How appropriate then that The Blank Theatre would choose to revive this musical as part of its 20th anniversary season. Artistic Director Daniel Henning first directed The Cradle in 1994 and has remounted it in Hollywood at the Stella Adler Theatre, a perfect venue for the production with its vintage ambience and unassuming style.

The show begins cold, without an overture, as Musical Director David O. walks to the piano and announces “Scene 1, Street corner, Steeltown USA,” then plays the first haunting notes of “Moll’s Song” just as Marc Blitzstein did in 1937.

Blitzstein described his musical as a “labor opera in a style that falls somewhere between realism, romance, satire, vaudeville, comic strip, Gilbert & Sullivan, Brecht, Weill, and Agitprop” (a term that describes any kind of highly politicized art). And he’s right. It’s all in there. The sophisticated score is full of hidden comedy, like the phrases from the “Star Spangled Banner” that he uses in his “Night Court” sections and the way he tweaks wrong notes to stick out in “Croon Spoon.” Nothing is quite as simple as it appears. David O. brings out every nuance, innuendo and parody that lives between the notes and you can tell he’s having a great time doing it.

The cast is a powerful collection of players that falls into two camps; the working class, championed by union man Larry Foreman (Rex Smith), and the privileged elite, led by Mr. Mister (Peter Van Norden). Norden, who was part of Henning’s ’94 cast, is terrific as the unscrupulous businessman who bulldozes everyone in his path; everyone that is, except Smith. With his chiseled good looks and charismatic intensity, Smith mobilizes the workers to defy Mr. Mister and stand together for a better future.
Matthew Patrick Davis, Rob Roy Cesar, David Trice,
Roland Rusinek, Christopher Carroll and Jim Holdridge

Among those lining up behind Mr. Mister are the members of the Liberty Committee, six bobble-headed yes-men who represent the various realms of corruption. They are a perfectly disjointed sight-gag, loud and brittle in their cacophony, yet deliciously tuned in 6-part Barbershop harmony at a moment’s notice.

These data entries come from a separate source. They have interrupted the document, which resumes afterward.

(* Let $n\ge 5$ and $M\ge1$ be integers, $U=\{0,1,\ldots,M-1\}$, and let $\phi:\binom{U}{2}\to\{\text{red},\text{blue}\}$ be a $2$-coloring such that every $n$-element subset of $U$ contains three elements $x<y<z$ with $\phi(x,y)=\phi(y,z)\ne\phi(x,z)$. Let $H=H_\phi$ be the $4$-uniform hypergraph on $V=\{0,\ldots,2^M-1\}$ defined below. Then the independence number of $H$ satisfies $\alpha(H)<2^6n^5+1$, i.e., $H$ has no independent set of size $2^6n^5+1$.
   Context: Every $a\in V=\{0,\ldots,2^M-1\}$ is written in binary as $a=\sum_{i=0}^{M-1}a(i)2^i$ with $a(i)\in\{0,1\}$. For $a\ne b$ in $V$, $\delta(a,b)$ denotes the largest index $i$ with $a(i)\ne b(i)$; thus $\delta(a,b)\in U$. For a pair $\{x,y\}$ of distinct elements of $U$ we write $\phi(x,y)=\phi(y,x)$ for its color. For a $4$-tuple $v_1<v_2<v_3<v_4$ of $V$, set $\delta_i=\delta(v_i,v_{i+1})$ for $i=1,2,3$. The $4$-tuple $\{v_1,v_2,v_3,v_4\}$ is an edge of $H$ if and only if one of the following holds: (i) $\delta_1<\delta_2<\delta_3$ or $\delta_1>\delta_2>\delta_3$, and $\phi(\delta_1,\delta_2)=\phi(\delta_2,\delta_3)\ne\phi(\delta_1,\delta_3)$; (ii) $\delta_1>\delta_2<\delta_3$, $\delta_1>\delta_3$, and $\phi(\delta_1,\delta_2)\ne\phi(\delta_2,\delta_3)$; (iii) $\delta_1>\delta_2<\delta_3$, $\delta_1<\delta_3$, and $\phi(\delta_1,\delta_2)=\phi(\delta_1,\delta_3)=\phi(\delta_2,\delta_3)$. An independent set of $H$ is a set of vertices containing no edge of $H$; $\alpha(H)$ is the maximum size of an independent set. *)

From mathcomp Require Import all_boot.
Set Implicit Arguments. Unset Strict Implicit. Unset Printing Implicit Defensive.

Definition bit (a i : nat) : bool := odd (a %/ 2 ^ i).

(* delta(a,b) = largest index i < M with a(i) <> b(i) (meaningful for a <> b in V) *)
Definition delta (M a b : nat) : nat :=
  \max_(i < M | bit a i != bit b i) i.

(* edge predicate of H_phi for v1 < v2 < v3 < v4 ; phi is a colouring given
   on U x U (red = true, blue = false), assumed symmetric. *)
Definition is_edge (M : nat) (phi : nat -> nat -> bool) (v1 v2 v3 v4 : nat) : bool :=
  let d1 := delta M v1 v2 in
  let d2 := delta M v2 v3 in
  let d3 := delta M v3 v4 in
  [|| (((d1 < d2) && (d2 < d3)) || ((d2 < d1) && (d3 < d2))) &&
        ((phi d1 d2 == phi d2 d3) && (phi d2 d3 != phi d1 d3)),
      [&& d2 < d1, d2 < d3, d3 < d1 & phi d1 d2 != phi d2 d3]
    | [&& d2 < d1, d2 < d3, d1 < d3,
          phi d1 d2 == phi d1 d3 & phi d1 d3 == phi d2 d3]].

Definition independent (M : nat) (phi : nat -> nat -> bool) (S : {set 'I_(2 ^ M)}) : Prop :=
  forall v1 v2 v3 v4 : 'I_(2 ^ M),
    v1 \in S -> v2 \in S -> v3 \in S -> v4 \in S ->
    v1 < v2 -> v2 < v3 -> v3 < v4 ->
    ~~ is_edge M phi v1 v2 v3 v4.
Arguments independent : clear implicits.
Arguments is_edge : clear implicits.

(* The levels of v in S are the heights at which the binary tree
   spanned by S branches off the path to v, and the signature of v lists the bits of v at its
   levels, from the top; distinct vertices have distinct signatures. If vertices of S branch
   off the path to v at levels e1 > e2 > e3, then two of them together with the two sides of
   the branching at e3 form a 4-tuple whose consecutive splitting levels are e1, e2, e3 in an
   order fixed by the bits of v at e1 and e2. As it is not an edge, the colours of the triangle
   e1 e2 e3 are constrained ([triangle_ok]). Hence the levels where v has a given bit contain
   no x < y < z with phi(x,y) = phi(y,z) <> phi(x,z), so there are fewer than n of them; and,
   by an exhaustive check, no seven levels carry alternating bits, so the signature without its
   last letter has at most five runs. There are at most 4 n^5 + 3 such words. *)

From mathcomp Require Import all_boot zify.
Set Implicit Arguments. Unset Strict Implicit. Unset Printing Implicit Defensive.

Lemma bit0 a : bit a 0 = odd a.
Proof. by rewrite /bit expn0 divn1. Qed.

Lemma bitS a i : bit a i.+1 = bit (a %/ 2) i.
Proof. by rewrite /bit expnS divnMA. Qed.

Lemma bit_divX a k i : bit (a %/ 2 ^ k) i = bit a (k + i).
Proof. by rewrite /bit -divnMA -expnD. Qed.

Lemma bit_small a i : a < 2 ^ i -> bit a i = false.
Proof. by move=> a_lt; rewrite /bit divn_small. Qed.

Lemma eq_bits_lt m a b : a < 2 ^ m -> b < 2 ^ m ->
  (forall i, i < m -> bit a i = bit b i) -> a = b.
Proof.
elim: m a b => [|m IHm] a b; first by rewrite expn0 !ltnS !leqn0 => /eqP-> /eqP->.
move=> a_lt b_lt eq_ab.
have ltS x : x < 2 ^ m.+1 -> x %/ 2 < 2 ^ m by rewrite ltn_divLR // -expnSr.
have eq_half : a %/ 2 = b %/ 2.
  by apply: IHm (ltS _ a_lt) (ltS _ b_lt) _ => i lt_im; rewrite -!bitS eq_ab.
by rewrite (divn_eq a 2) (divn_eq b 2) eq_half !modn2 -!bit0 eq_ab.
Qed.

Lemma eq_bits a b : bit a =1 bit b -> a = b.
Proof.
have lt_pow x : x <= a + b -> x < 2 ^ (a + b).
  by move=> le_x; apply: leq_trans (ltn_expl x (ltnSn 1)) _; rewrite leq_exp2l.
by move=> eq_ab; apply: (eq_bits_lt (lt_pow _ (leq_addr _ _)) (lt_pow _ (leq_addl _ _))).
Qed.

Lemma ord_seq_exists m (s : seq nat) : all (fun x => x < m) s ->
  exists2 s' : seq 'I_m, map val s' = s & size s' = size s.
Proof.
elim: s => [|x s IHs] /=; first by exists [::].
case/andP=> lt_xm /IHs[s' eq_s size_s].
by exists (Ordinal lt_xm :: s'); rewrite /= ?eq_s ?size_s.
Qed.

Christopher Carroll is the sellout Reverend Salvation, who first hawks peace, then war, as dictated by his benefactress Mrs. Mister (an outstanding Gigi Bermingham). Jim Holdridge and Roland Rusinek are artists whose lewd, crude and indulgent lifestyle is also afforded by the tacky, yet rich Mrs.

Roland Rusinek, Gigi Bermingham and Jim Holdridge

With them are Editor Daily (David Trice) who sacrifices his freedom of the press, President Prexy (Matthew Patrick Davis) who echoes the Mister’s self-serving war efforts, and Dr. Specialist (Rob Roy Cesar) who lies about a man’s death to protect his own reputation. Mr. Mister’s spoiled rotten children, Junior Mister (a crass and wonderful Adam Wylie) and dim-witted Sister Mister (Meagan Smith) complete the wealthy family.

In contrast, the common man’s troubles are represented by Harry Druggist (Jack Laufer), Moll (Tiffany C. Adams), Gus and Sadie Polock (Matt Wolpe and Penelope Yates) and Ella Hammer (Lowe Taylor), honest citizens who can’t catch a break. Their stories are heartbreaking and bring a weighty realism to the production. All turn in powerful performances, with Taylor’s show-stopping number “Joe Worker” a true standout. An interesting side note: Matt’s father Lenny Wolpe was the Druggist in The Blank’s ’94 production.

Completing the cast are utility players Mikey Hawley and Will Barker, who along with Matt Wolpe, play several roles each, comedic to dramatic.

I loved Kurt Boetcher’s stripped down set and Naila Alladin Sanders vintage 1930s costumes. JC Gafford’s lighting was also really effective, especially when highlighting the social commentary within songs. Ah, the glow of the imagined footlights and the stark black and white contrast of the news reel.

A show’s vision begins and ends with the director, and in the case of The Cradle Will Rock, Daniel Henning has proven once again that The Blank is worthy of its many accolades. With impeccable taste and an undeniable respect for the message of the show, he has made it look easy. So get thee to the theatre before this cradle falls on closing night. You’re not likely to see a production like this again.